*WORK INSTRUCTIONS*:
Pick every line from the data below that contains the string "Require" and copy it.

*RECORDS SUPPLIED*:
(* Let $V\subset\mathbb{R}^{n_s}$ be an oriented open set, $\mathcal{G}$ a Riemannian metric on $V$, $\mathcal{J}$ a taming map on $V$, and $\mathcal{N}=\mu(\mathcal{J})$. Then $$\{(f,\mathfrak{A})\in\mathrm{Iso}(V,\mathcal{G})\times\mathrm{Sp}(2n_v,\mathbb{R}):\mathfrak{A}\cdot\mathcal{N}=\mathcal{N}\circ f\}=\{(f,\mathfrak{A})\in\mathrm{Iso}(V,\mathcal{G})\times\mathrm{Sp}(2n_v,\mathbb{R}):\mathfrak{A}\mathcal{J}\mathfrak{A}^{-1}=\mathcal{J}\circ f\},$$ so that the identity map gives a canonical isomorphism of groups $\mathrm{U}(\mathcal{G},\mathcal{N})\cong\mathrm{U}(\mathcal{G},\mathcal{J})$ between these two sets (with componentwise composition).
   Context: $\mathrm{Iso}(V,\mathcal{G})$ is the isometry group of $(V,\mathcal{G})$. The standard symplectic form $\omega$ on $\mathbb{R}^{2n_v}$ has matrix $\begin{pmatrix}0&-\mathrm{Id}\\ \mathrm{Id}&0\end{pmatrix}$ in the canonical basis; $\mathrm{Sp}(2n_v,\mathbb{R})$ is its stabilizer. A taming map is a smooth $\mathcal{J}\colon V\to\mathrm{Aut}(\mathbb{R}^{2n_v})$ whose values are complex structures $J$ with $\omega(J\cdot,J\cdot)=\omega$ and $\omega(\xi,J\xi)>0$ for $\xi\neq0$; every taming map is uniquely of the form $\begin{pmatrix}-\mathcal{I}^{-1}\mathcal{R} & \mathcal{I}^{-1}\\ -\mathcal{I}-\mathcal{R}\mathcal{I}^{-1}\mathcal{R} & \mathcal{R}\mathcal{I}^{-1}\end{pmatrix}$ with smooth $\mathcal{R},\mathcal{I}\colon V\to\mathrm{Sym}(n_v,\mathbb{R})$, $\mathcal{I}$ pointwise positive definite, and $\mu(\mathcal{J})=\mathcal{R}+i\mathcal{I}\colon V\to\mathbb{SH}(n_v)$ (the Siegel upper space of complex symmetric matrices with positive definite imaginary part). For $\mathfrak{A}=\begin{pmatrix}a&b\\ c&d\end{pmatrix}$ in $n_v\times n_v$ blocks, $\mathfrak{A}\cdot\tau=(c+d\tau)(a+b\tau)^{-1}$, applied pointwise to $\mathcal{N}$. *)

From mathcomp Require Import all_boot all_algebra.
From mathcomp Require Import all_classical all_reals all_analysis.
From mathcomp Require Import complex.
Import numFieldNormedType.Exports.
Local Open Scope ring_scope.
Local Open Scope classical_set_scope.

Set Implicit Arguments.
Unset Strict Implicit.
Unset Printing Implicit Defensive.

(* Points of R^ns are row vectors 'rV[R]_ns.  Real matrices of size 2 n_v
   are represented as 'M[R]_(nv + nv), split into nv x nv blocks. *)

Fixpoint iterD (R : realType) (ns : nat) (vs : seq 'rV[R]_ns)
  (g : 'rV[R]_ns -> R) : 'rV[R]_ns -> R :=
  match vs with
  | [::] => g
  | v :: vs' => 'D_v (iterD vs' g)
  end.

Definition smooth_fun_on (R : realType) (ns : nat) (V : set 'rV[R]_ns)
  (g : 'rV[R]_ns -> R) : Prop :=
  forall (vs : seq 'rV[R]_ns) (x : 'rV[R]_ns), V x ->
    {for x, continuous (iterD vs g)} /\
    forall v : 'rV[R]_ns, derivable (iterD vs g) x v.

*SOLUTION TO THE PROBLEM*:
From mathcomp Require Import all_boot all_algebra.
From mathcomp Require Import all_classical all_reals all_analysis.
From mathcomp Require Import complex.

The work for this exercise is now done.